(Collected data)
======
(* The map $B\mapsto I(B)$, sending a bridge (a nondecreasing càdlàg function $[0,1]\to[0,1]$ of the bridge form) to its interval-partition, is continuous when bridges are endowed with the Skorohod topology and interval-partitions with the Hausdorff distance between complements $d_H$.
   Context: A bridge is a function $B:[0,1]\to[0,1]$ of the form $B(x)=x(1-\sum_i\beta_i)+\sum_i\beta_i\mathbf 1_{\{v_i\le x\}}$ with $\beta_1\ge\beta_2\ge\dots\ge0$, $\sum\beta_i\le1$, and $v_i\in[0,1]$. $I(B)=\operatorname{int}([0,1]\setminus B([0,1]))$, where $B([0,1])$ is the range of $B$. For open subsets $I,\tilde I$ of $(0,1)$, $d_H(I,\tilde I)=\sup_{x\notin I}d(x,[0,1]\setminus\tilde I)\vee\sup_{x\notin\tilde I}d(x,[0,1]\setminus I)$ (complements taken in $[0,1]$). *)

From Stdlib Require Import Reals Lra.
Open Scope R_scope.

Definition unit_int (x : R) : Prop := 0 <= x <= 1.

Definition ind_le (v x : R) : R := if Rle_dec v x then 1 else 0.

(* B is a bridge:  B(x) = x(1 - sum beta_i) + sum_i beta_i 1_{v_i <= x}  on [0,1],
   with beta_1 >= beta_2 >= ... >= 0, sum beta_i <= 1, v_i in [0,1].
   (Finitely many atoms are covered by beta_i = 0 eventually.) *)
Definition is_bridge (B : R -> R) : Prop :=
  exists (beta v : nat -> R) (Sb : R),
    (forall i, 0 <= beta i) /\
    (forall i, beta (S i) <= beta i) /\
    infinite_sum beta Sb /\ Sb <= 1 /\
    (forall i, unit_int (v i)) /\
    (forall x, unit_int x ->
       infinite_sum (fun i => beta i * ind_le (v i) x) (B x - x * (1 - Sb))).

Definition range01 (B : R -> R) (y : R) : Prop := exists x, unit_int x /\ B x = y.

Definition IB (B : R -> R) (y : R) : Prop :=
  exists r, 0 < r /\ forall z, Rabs (z - y) < r -> unit_int z /\ ~ range01 B z.

Definition compl01 (I : R -> Prop) (x : R) : Prop := unit_int x /\ ~ I x.

Definition dist_le (x : R) (S : R -> Prop) (e : R) : Prop :=
  forall eta, 0 < eta -> exists y, S y /\ Rabs (x - y) < e + eta.

Definition dH_le (I J : R -> Prop) (e : R) : Prop :=
  (forall x, compl01 I x -> dist_le x (compl01 J) e) /\
  (forall x, compl01 J x -> dist_le x (compl01 I) e).

Definition homeo01 (l : R -> R) : Prop :=
  l 0 = 0 /\ l 1 = 1 /\
  (forall x y, unit_int x -> unit_int y -> x < y -> l x < l y) /\
  (forall x, unit_int x -> continuity_pt l x).

Definition skorohod_le (f g : R -> R) (d : R) : Prop :=
  forall eta, 0 < eta -> exists l, homeo01 l /\
    forall x, unit_int x ->
      Rabs (l x - x) <= d + eta /\ Rabs (f x - g (l x)) <= d + eta.

From Stdlib Require Import Reals.
From Stdlib Require Import Lra Ranalysis5 Classical.
Open Scope R_scope.

(* Continuity of B |-> I(B), in the quantitative form d_H(I(B), I(B')) <= d_S(B, B').

   The complement of I(B) in [0,1] is the closure of the range of B together
   with the endpoints 0 and 1: a point of [0,1] outside I(B) is a limit of
   points that lie in B([0,1]) or outside [0,1].  Hence, to bring a point x
   of [0,1] \ I(B) close to [0,1] \ I(B'), it suffices to bring every value
   B(x0) close to some value B'(w) (points outside [0,1] are handled by the
   endpoints, which never lie in I(B')).  A Skorohod bound d provides exactly
   this, in both directions: B(x0) is d-close to B'(l x0), and B'(w) is
   d-close to B(x1) for the preimage x1 of w under the time change l. *)

Lemma const_cv (c : R) : Un_cv (fun _ : nat => c) c.
Proof.
  intros e He; exists 0%nat; intros n _.
  unfold Rdist; rewrite Rminus_diag, Rabs_R0; lra.
Qed.

Lemma series_le (a b : nat -> R) (A Bs : R) :
  (forall i, a i <= b i) -> infinite_sum a A -> infinite_sum b Bs -> A <= Bs.
Proof.
  intros Hab HA HB.
  apply (@Rle_cv_lim (sum_f_R0 a) (sum_f_R0 b)); auto.
  intro n; apply sum_Rle; auto.
Qed.

Lemma series_nonneg (a : nat -> R) (A : R) :
  (forall i, 0 <= a i) -> infinite_sum a A -> 0 <= A.
Proof.
  intros Ha HA.
  apply (@Rle_cv_lim (fun _ => 0) (sum_f_R0 a)); [| apply const_cv | exact HA].
  intro n; apply cond_pos_sum; exact Ha.
Qed.

(* A bridge maps [0,1] into [0,1]: the jump part lies in [0, Sb] and the
   drift part x (1 - Sb) in [0, 1 - Sb]. *)
Lemma bridge_maps_unit (B : R -> R) :
  is_bridge B -> forall x, unit_int x -> unit_int (B x).
Proof.
  intros [beta [v [Sb [Hpos [_ [Hsum [HSb1 [_ HB]]]]]]]] x Hx.
  assert (Hjump_nonneg : forall i, 0 <= beta i * ind_le (v i) x).
  { intro i; unfold ind_le; destruct (Rle_dec (v i) x); specialize (Hpos i); nra. }
  assert (Hjump_le : forall i, beta i * ind_le (v i) x <= beta i).
  { intro i; unfold ind_le; destruct (Rle_dec (v i) x); specialize (Hpos i); nra. }
  pose proof (series_nonneg _ _ Hjump_nonneg (HB x Hx)) as Hlow.
  pose proof (series_le _ _ _ _ Hjump_le (HB x Hx) Hsum) as Hup.
  unfold unit_int in *; nra.
Qed.

Lemma homeo01_maps_unit (l : R -> R) :
  homeo01 l -> forall x, unit_int x -> unit_int (l x).
Proof.
  intros [L0 [L1 [Lmono _]]] x Hx.
  assert (H0 : unit_int 0) by (unfold unit_int; lra).
  assert (H1 : unit_int 1) by (unfold unit_int; lra).
  unfold unit_int in Hx.
  destruct (Req_dec x 0) as [->|Hx0]; [unfold unit_int; lra|].
  destruct (Req_dec x 1) as [->|Hx1]; [unfold unit_int; lra|].
  pose proof (Lmono 0 x H0 Hx ltac:(lra)).
  pose proof (Lmono x 1 Hx H1 ltac:(lra)).
  unfold unit_int; lra.
Qed.

Lemma homeo01_onto (l : R -> R) :
  homeo01 l -> forall w, unit_int w -> exists x, unit_int x /\ l x = w.
Proof.
  intros [L0 [L1 [_ Lcont]]] w [Hw0 Hw1].
  destruct (Req_dec w 0) as [->|Hw0']; [exists 0; split; [unfold unit_int; lra | auto]|].
  destruct (Req_dec w 1) as [->|Hw1']; [exists 1; split; [unfold unit_int; lra | auto]|].
  destruct (IVT_interv (fun t => l t - w) 0 1) as [z [Hz Hlz]].
  - intros a Ha; apply continuity_pt_minus; [apply Lcont, Ha | apply continuity_pt_const].
    intros u u'; reflexivity.
  - lra.
  - rewrite L0; lra.
  - rewrite L1; lra.
  - exists z; split; [exact Hz | lra].
Qed.

Lemma range_not_IB (B : R -> R) (y : R) : range01 B y -> ~ IB B y.
Proof.
  intros Hy [r [Hr Hball]].
  apply (Hball y); [rewrite Rminus_diag, Rabs_R0; lra | exact Hy].
Qed.

(* The endpoints are never in I(B): every neighbourhood leaves [0,1]. *)
Lemma endpoint_not_IB (B : R -> R) (y : R) : y = 0 \/ y = 1 -> ~ IB B y.
Proof.
  intros [-> | ->] [r [Hr Hball]].
  - destruct (Hball (- (r / 2))) as [[Hneg _] _]; [| lra].
    rewrite Rminus_0_r, Rabs_Ropp, Rabs_right; lra.
  - destruct (Hball (1 + r / 2)) as [[_ Hbig] _]; [| lra].
    replace (1 + r / 2 - 1) with (r / 2) by ring; rewrite Rabs_right; lra.
Qed.

Lemma compl_IB_approx (B : R -> R) (x r : R) :
  compl01 (IB B) x -> 0 < r ->
  exists z, Rabs (z - x) < r /\ (~ unit_int z \/ range01 B z).
Proof.
  intros [_ HnotI] Hr.
  apply NNPP; intro Hnone; apply HnotI.
  exists r; split; [exact Hr|].
  intros z Hz; split.
  - apply NNPP; intro Hu; apply Hnone; exists z; auto.
  - intro Hrange; apply Hnone; exists z; auto.
Qed.

Definition values_near (B B' : R -> R) (d : R) : Prop :=
  forall eta, 0 < eta -> forall x0, unit_int x0 ->
    exists w, unit_int w /\ Rabs (B x0 - B' w) <= d + eta.

(* Approximate x
   by a point z outside [0,1] (then the nearest endpoint works) or by a value
   B(x0) (then the nearby value B'(w) works). *)
Lemma compl_IB_dist_le (B B' : R -> R) (d : R) :
  0 <= d -> (forall w, unit_int w -> unit_int (B' w)) -> values_near B B' d ->
  forall x, compl01 (IB B) x -> dist_le x (compl01 (IB B')) d.
Proof.
  intros Hd HB' Hnear x Hx eta Heta.
  assert (Hx01 : unit_int x) by apply Hx.
  destruct (compl_IB_approx B x (eta / 2) Hx ltac:(lra)) as [z [Hzx [Hout | Hrange]]].
  - unfold unit_int in Hout, Hx01.
    destruct (Rlt_or_le z 0) as [Hz0 | Hz0].
    + exists 0; split.
      * split; [unfold unit_int; lra | apply endpoint_not_IB; auto].
      * rewrite Rabs_left in Hzx by lra; rewrite Rminus_0_r, Rabs_right; lra.
    + assert (Hz1 : 1 < z) by (destruct (Rle_dec z 1); [exfalso; apply Hout; lra | lra]).
      exists 1; split.
      * split; [unfold unit_int; lra | apply endpoint_not_IB; auto].
      * rewrite Rabs_right in Hzx by lra; rewrite Rabs_left1; lra.
  - destruct Hrange as [x0 [Hx0 <-]].
    destruct (Hnear (eta / 4) ltac:(lra) x0 Hx0) as [w [Hw Hclose]].
    exists (B' w); split.
    + split; [apply HB', Hw | apply range_not_IB; exists w; auto].
    + replace (x - B' w) with (- (B x0 - x) + (B x0 - B' w)) by ring.
      eapply Rle_lt_trans; [apply Rabs_triang|].
      rewrite Rabs_Ropp; lra.
Qed.

Lemma skorohod_values_near (B B' : R -> R) (d : R) :
  skorohod_le B B' d -> values_near B B' d.
Proof.
  intros Hsk eta Heta x0 Hx0.
  destruct (Hsk eta Heta) as [l [Hl Hbound]].
  exists (l x0); split; [apply homeo01_maps_unit; auto | apply Hbound, Hx0].
Qed.

Lemma skorohod_values_near_sym (B B' : R -> R) (d : R) :
  skorohod_le B B' d -> values_near B' B d.
Proof.
  intros Hsk eta Heta w Hw.
  destruct (Hsk eta Heta) as [l [Hl Hbound]].
  destruct (homeo01_onto l Hl w Hw) as [x1 [Hx1 <-]].
  exists x1; split; [exact Hx1|].
  rewrite Rabs_minus_sym; apply Hbound, Hx1.
Qed.

Lemma IB_skorohod_lipschitz (B B' : R -> R) (d : R) :
  is_bridge B -> is_bridge B' -> 0 <= d ->
  skorohod_le B B' d -> dH_le (IB B) (IB B') d.
Proof.
  intros HB HB' Hd Hsk; split.
  - apply compl_IB_dist_le; auto.
    + apply bridge_maps_unit, HB'.
    + apply skorohod_values_near, Hsk.
  - apply compl_IB_dist_le; auto.
    + apply bridge_maps_unit, HB.
    + apply skorohod_values_near_sym, Hsk.
Qed.

Theorem mainTheorem14 :
  forall B : R -> R, is_bridge B ->
  forall eps : R, 0 < eps ->
  exists delta : R, 0 < delta /\
    forall B' : R -> R, is_bridge B' ->
      skorohod_le B B' delta -> dH_le (IB B) (IB B') eps.
Proof.
  intros B HB eps Heps.
  exists eps; split; [exact Heps|].
  intros B' HB' Hsk.
  apply IB_skorohod_lipschitz; auto; lra.
Qed.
======
- DIRECTIONS FOR THIS TASK: Give back, word for word, only the lines above from the line holding "Definition ind_le (v" to the line holding "(forall x, compl01 I", both included.

- EXPECTED ANSWER:
Definition ind_le (v x : R) : R := if Rle_dec v x then 1 else 0.

(* B is a bridge:  B(x) = x(1 - sum beta_i) + sum_i beta_i 1_{v_i <= x}  on [0,1],
   with beta_1 >= beta_2 >= ... >= 0, sum beta_i <= 1, v_i in [0,1].
   (Finitely many atoms are covered by beta_i = 0 eventually.) *)
Definition is_bridge (B : R -> R) : Prop :=
  exists (beta v : nat -> R) (Sb : R),
    (forall i, 0 <= beta i) /\
    (forall i, beta (S i) <= beta i) /\
    infinite_sum beta Sb /\ Sb <= 1 /\
    (forall i, unit_int (v i)) /\
    (forall x, unit_int x ->
       infinite_sum (fun i => beta i * ind_le (v i) x) (B x - x * (1 - Sb))).

Definition range01 (B : R -> R) (y : R) : Prop := exists x, unit_int x /\ B x = y.

Definition IB (B : R -> R) (y : R) : Prop :=
  exists r, 0 < r /\ forall z, Rabs (z - y) < r -> unit_int z /\ ~ range01 B z.

Definition compl01 (I : R -> Prop) (x : R) : Prop := unit_int x /\ ~ I x.

Definition dist_le (x : R) (S : R -> Prop) (e : R) : Prop :=
  forall eta, 0 < eta -> exists y, S y /\ Rabs (x - y) < e + eta.

Definition dH_le (I J : R -> Prop) (e : R) : Prop :=
  (forall x, compl01 I x -> dist_le x (compl01 J) e) /\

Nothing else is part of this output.